1st Edit: reply to below comment.
Yes, I like to use the actual domain objects for all the pages that operate on a single object at a time: edit, view, create, etc.
You said you are taking an existing object and copying the fields you need into a DTO and then passing the DTO as part of the model to your templating engine for a view page (or vice-versa for a create). What does that buy you? The ref to the DTO doesn't weigh any less than the ref to the full domain object, and you have all the extra attribute copying to do. There's no rule that says your templating engine has to use every method on your object.
I would use a small partial domain object if it improves efficiency (no relationship graphs to build), especially for the results of a search. But if the object already exists don't worry about how big or complex it is when you are sticking it in the model to render a page. It doesn't move the object around in memory.
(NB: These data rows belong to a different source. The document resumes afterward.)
(* Let $\overline{\mathcal G_H}=\mathbb S^1_\beta\times[-\infty,\infty]_a$ with the smooth structure described in the context, let $\mu_H(\beta,a)=(1+a^2)^{-1/2}$ (extended by $0$ at $a=\pm\infty$), and let $\mathcal S_A^H(\beta,a)=(\beta+\pi+2\tan^{-1}a,\,-a)$. A function $h$ on $\overline{\mathcal G_H}$ belongs to $C^\infty_{\alpha,+}(\overline{\mathcal G_H})$ if and only if $h\in C^\infty(\overline{\mathcal G_H})$, $h=h\circ\mathcal S_A^H$, and, when $h$ is expressed in terms of the coordinates $(\beta+\tan^{-1}a,\ \mu_H)$ near $\partial\overline{\mathcal G_H}=\{a=\pm\infty\}$, all odd-order terms of the Taylor expansion of $h$ off of $\partial\overline{\mathcal G_H}$ (in the variable $\mu_H$) vanish.
   Context: $\overline{\mathcal G_H}=\mathbb S^1_\beta\times[-\infty,\infty]_a$ is given the smooth structure of a compact manifold with boundary for which the map $\Psi_{hf}(\beta,a)=(\beta,\tan^{-1}a)$ (with $\tan^{-1}(\pm\infty)=\pm\pi/2$) is a diffeomorphism onto $\partial_+S\mathbb D_E:=\mathbb S^1_\beta\times[-\pi/2,\pi/2]_\alpha$; then $\mu_H$ is a smooth boundary defining function. Fan-beam coordinates on the boundary $\partial S\mathbb D_E$ of the unit tangent bundle of the Euclidean unit disk: $(\beta,\alpha)\in\mathbb S^1\times(\mathbb R/2\pi\mathbb Z)$ denotes the unit vector at $e^{i\beta}$ with direction $e^{i(\beta+\pi+\alpha)}$; $\partial_+S\mathbb D_E$ corresponds to $\alpha\in[-\pi/2,\pi/2]$ (inward pointing), $\partial_-S\mathbb D_E$ to $\alpha\in[\pi/2,3\pi/2]$. The scattering relation is $\mathcal S^E(\beta,\alpha)=(\beta+\pi+2\alpha,\pi-\alpha)$, and $\mathcal S^E_A(\beta,\alpha)=(\beta+\pi+2\alpha,-\alpha)$. For $u$ on $\partial_+S\mathbb D_E$, $A_+u$ is the function on $\partial S\mathbb D_E$ equal to $u$ on $\partial_+S\mathbb D_E$ and to $u\circ\mathcal S^E$ on $\partial_-S\mathbb D_E$. Define $C^\infty_\alpha(\partial_+S\mathbb D_E)=\{u\in C^\infty(\partial_+S\mathbb D_E): A_+u\in C^\infty(\partial S\mathbb D_E)\}$, $C^\infty_{\alpha,+}(\partial_+S\mathbb D_E)=\{u\in C^\infty_\alpha(\partial_+S\mathbb D_E): u\circ\mathcal S^E_A=u\}$, and $C^\infty_{\alpha,+}(\overline{\mathcal G_H}):=\Psi_{hf}^*C^\infty_{\alpha,+}(\partial_+S\mathbb D_E)=\{u\circ\Psi_{hf}\}$. *)

From Stdlib Require Import Reals Lra.
From Coquelicot Require Import Coquelicot.
Open Scope R_scope.

(** Iterated partial derivatives of f : R -> R -> R along a list of
    directions (true = first variable, false = second variable);
    the head of the list is the last derivative taken. *)
Fixpoint pder (l : list bool) (f : R -> R -> R) : R -> R -> R :=
  match l with
  | nil => f
  | cons b l' =>
      let g := pder l' f in
      if b then (fun x y => Derive (fun t => g t y) x)
           else (fun x y => Derive (fun t => g x t) y)
  end.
It doesn't cause the templating engine stress. It just accesses the methods it needs and ignores the rest.
2nd edit:
Good point. There are situations where you would want a limited set of properties available to the view (ie. different front-end and back-end developers). I should read more carefully before replying. If I were going to do what you want I would probably put separate methods on User (or whatever class) of the form forEdit() and forDisplay(). That way you could just get User from the service layer and tell User to give you the use limited copies of itself. I think maybe that's what I was reaching for with the anemic objects comment.
You should use a DTO and never an ORM in the MVC layer! There are a number of really good questions already asked on this, such as the following: Why should I isolate my domain entities from my presentation layer?
But to add to that question, you should separate them to help prevent the ORM being bound on a post as the potential is there for someone to add an extra field and cause all kinds of mayhem requiring unnecessary extra validation.